B. In a merger pursuant to R.S. 12:1-1105, the parent corporation must notify in writing all record shareholders of the subsidiary who are entitled to assert appraisal rights that the corporate action became effective. Such notice must be sent within ten days after the corporate action became effective and include the materials described in R.S. 12:1-1322.
C. Where any corporate action specified in R.S. 12:1-1302(A) is to be approved by written consent of the shareholders pursuant to R.S. 12:1-704.
(1) Written notice that appraisal rights are, are not, or may be available must be sent to each record shareholder from whom a consent is solicited at the time consent of such shareholder is first solicited and, if the corporation has concluded that appraisal rights are or may be available, the following statement must be included in the notice:
“Appraisal rights allow a shareholder to avoid the effects of the proposed corporate action described in this notice by selling the shareholder’s shares to the corporation at their fair value, paid in cash.

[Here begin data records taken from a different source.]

Lemma set2_neq_out x y e : x \notin e -> [set x; y] != e.
Proof. by apply: contraNneq => <-; rewrite set21. Qed.

Lemma adj_setD1 E e x y : adj E x y -> [set x; y] != e -> adj (E :\ e) x y.
Proof. by rewrite /adj in_setD1 => -> ->. Qed.

Lemma edge_endpoints (G : graph V) u v : is_graph G -> [set u; v] \in G.2 ->
  [/\ u != v, u \in G.1 & v \in G.1].
Proof.
move=> G_graph /G_graph[card_uv /subsetP sub_uv].
rewrite !sub_uv ?set21 ?set22 //.
by move: card_uv; rewrite cards2; case: (u != v).
Qed.

Lemma connect_setD1_edge S E u v z : connected_graph (S, E) -> u \in S -> z \in S ->
  connect (adj (E :\ [set u; v])) z u || connect (adj (E :\ [set u; v])) z v.
Proof.
move=> E_conn uS zS; set E' := E :\ [set u; v].
have /connectP[p p_path ->] := E_conn u z uS zS.
rewrite !(connect_adjC E' (last u p)).
suff reach x : path (adj E) x p -> connect (adj E') u x || connect (adj E') v x ->
    connect (adj E') u (last x p) || connect (adj E') v (last x p).
  by apply: reach p_path _; rewrite connect0.
elim: p x {p_path} => [|y p IHp] x //= /andP[xy y_path] x_reach; apply: IHp y_path _.
have [xy_uv | xy_uv] := eqVneq [set x; y] [set u; v].
  have : y \in [set u; v] by rewrite -xy_uv set22.
  by rewrite in_set2 => /orP[]/eqP->; rewrite connect0 ?orbT.
have /connect1 xy' : adj E' x y by apply: adj_setD1.
by case/orP: x_reach => reach; apply/orP; [left|right]; apply: connect_trans reach xy'.
Qed.

Lemma connected_exchange S E u v x y : is_graph (S, E) -> connected_graph (S, E) ->
    [set u; v] \in E ->
    connect (adj (E :\ [set u; v])) x u -> connect (adj (E :\ [set u; v])) y v ->
  connected_graph (S, [set x; y] |: (E :\ [set u; v])).
Proof.
move=> E_graph E_conn uv_E xu yv p q pS qS /=.
have [_ uS _] := edge_endpoints E_graph uv_E.
set E' := E :\ [set u; v]; set F := [set x; y] |: E'.
have lift := connect_adj_sub (subsetUr [set [set x; y]] E').
have vu : connect (adj F) v u.
  rewrite connect_adjC in yv; apply: connect_trans (lift _ _ yv) _.
  apply: connect_trans (_ : connect (adj F) y x) _.
    by apply: connect1; rewrite adj_sym /adj setU11.
  exact: lift _ _ xu.
have to_u z : z \in S -> connect (adj F) z u.
  move=> zS; case/orP: (connect_setD1_edge v E_conn uS zS) => /lift // zv.
  exact: connect_trans zv vu.
by apply: connect_trans (to_u p pS) _; rewrite connect_adjC; apply: to_u.
Qed.

Lemma cycle_redundant_edge E s : uniq s -> (2 < size s)%N -> cycle (adj E) s ->
  exists2 e, e \in E & subrel (adj E) (connect (adj (E :\ e))).
Proof.
case: s => [|x0 [|x1 [|y t]]] //= uniq_s _.
rewrite rcons_path /= => /and4P[x01 x1y yt_path tx0].
set e := [set x0; x1]; exists e => //.
have out_e z : z \in y :: t -> z \notin e.
  move: uniq_s => /and3P[/norP[_ x0_yt] x1_yt _].
  by rewrite in_set2; apply: contraL => /orP[]/eqP->.
have keep p q : adj E p q -> p \in y :: t -> adj (E :\ e) p q.
  by move=> pq /out_e p_e; apply: adj_setD1 pq (set2_neq_out _ p_e).
have x10 : connect (adj (E :\ e)) x1 x0.
  apply/connectP; exists (y :: rcons t x0); last by rewrite /= last_rcons.
  rewrite /= rcons_path; apply/and3P; split.
  - by rewrite adj_sym keep ?mem_head // adj_sym.
  - apply: (sub_in_path (P := mem (y :: t))) yt_path; last exact/allP.
    by move=> p q p_yt _ /keep; apply.
  - by apply: keep tx0 _; apply: mem_last.
move=> p q pq; have [pq_e | /(adj_setD1 pq)/connect1 //] := eqVneq [set p; q] e.
have /andP[] : (p \in e) && (q \in e) by rewrite -pq_e set21 set22.
by rewrite !in_set2 => /orP[]/eqP-> /orP[]/eqP->; rewrite ?connect0 // connect_adjC.
Qed.

Lemma connected_spanning_tree S F : is_graph (S, F) -> connected_graph (S, F) ->
  S != set0 -> exists2 F0 : {set {set V}}, F0 \subset F & is_tree (S, F0).
Proof.
move=> F_graph F_conn S_ne.
have [F0 [F0_sub F0_conn] F0_min] := exists_minimizer
  (P := fun F1 : {set {set V}} => F1 \subset F /\ connected_graph (S, F1))
  (fun F1 => #|F1|%:Z) (conj (subxx F) F_conn).
exists F0 => //; split => //; first by move=> e /(subsetP F0_sub)/F_graph.
move=> s s_uniq s_size; apply/negP => /(cycle_redundant_edge s_uniq s_size)[e e_F0 e_red].
have /F0_min : F0 :\ e \subset F /\ connected_graph (S, F0 :\ e).
  split; first exact: subset_trans (subD1set F0 e) F0_sub.
  by move=> x y xS yS; apply: connect_sub (F0_conn x y xS yS).
by rewrite lez_nat (cardsD1 e F0) e_F0 ltnn.
Qed.

Lemma connect_first_edge E x z : x != z -> connect (adj E) x z ->
  exists2 y, adj E x y & connect (adj (E :\ [set x; y])) y z.
Proof.
move=> xz /connectP[p p_path z_last]; rewrite {z}z_last in xz *.
case: (shortenP p_path) xz => [[|y p'] /=]; first by rewrite eqxx.
move=> /andP[xy p'_path] /andP[x_p' _] _ _; exists y => //.
apply/connectP; exists p' => //.
apply: (sub_in_path (P := predC1 x)) p'_path; last first.
  by apply/allP => w w_p'; apply: contraNneq x_p' => <-.
move=> w w'; rewrite !inE => wx w'x ww'; apply: adj_setD1 ww' _; rewrite eq_sym.
by apply: set2_neq_out; rewrite in_set2 negb_or !(eq_sym x) wx w'x.
Qed.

To retain the right to assert appraisal rights, a shareholder is required by law not to sign any consent in favor of the proposed corporate action with respect to any shares of the class or series for which the shareholder intends to assert appraisal rights. If a shareholder complies with this requirement, and the corporate action proposed in this notice takes effect, the law requires the corporation to send to the shareholder an appraisal form that the shareholder must complete and return, and a copy of Part 13 of the Business Corporation Act, governing appraisal rights.”
(2) Written notice that appraisal rights are, are not, or may be available must be delivered together with the notice to nonconsenting and nonvoting shareholders required by R.S. 12:1-704(E) and (F), may include the materials described in R.S. 12:1-1322 and, if the corporation has concluded that appraisal rights are or may be available, must be accompanied by a copy of this Part and the following statement:
“Appraisal rights allow a shareholder to avoid the effects of the corporate action described in this notice by selling the shareholder’s shares to the corporation at their fair value, paid in cash. A shareholder may obtain appraisal rights only by completing and returning an appraisal form that the law requires the corporation to send to the shareholder, and by complying with all other requirements of Part 13 of the Business Corporation Act, a copy of which is enclosed.”
D. Where corporate action described in R.S. 12:1-1302(A) is proposed, or a merger pursuant to R.S. 12:1-1105 is effected, the notice referred to in Subsection A or C of this Section, if the corporation concludes that appraisal rights are or may be available, and in Subsection B of this Section shall be accompanied by both of the following:
(1) The annual financial statements specified in R.S. 12:1-1620(B) of the corporation that issued the shares that may be subject to appraisal, which shall be as of a date ending not more than sixteen months before the date of the notice and shall comply with R.S. 12: 1-1620(B); provided that, if such annual financial statements are not reasonably available, the corporation shall provide reasonably equivalent financial information.
(2) The latest available quarterly financial statements of such corporation, if any.
E. The right to receive the information described in Subsection D of this Section may be waived in writing by a shareholder before or after the corporate action. If the information described in Subsection D of this Section is not publicly available, the shareholder who receives it owes a duty to the corporation to use and disclose the information only for purposes of deciding whether to exercise appraisal rights and for other proper purposes.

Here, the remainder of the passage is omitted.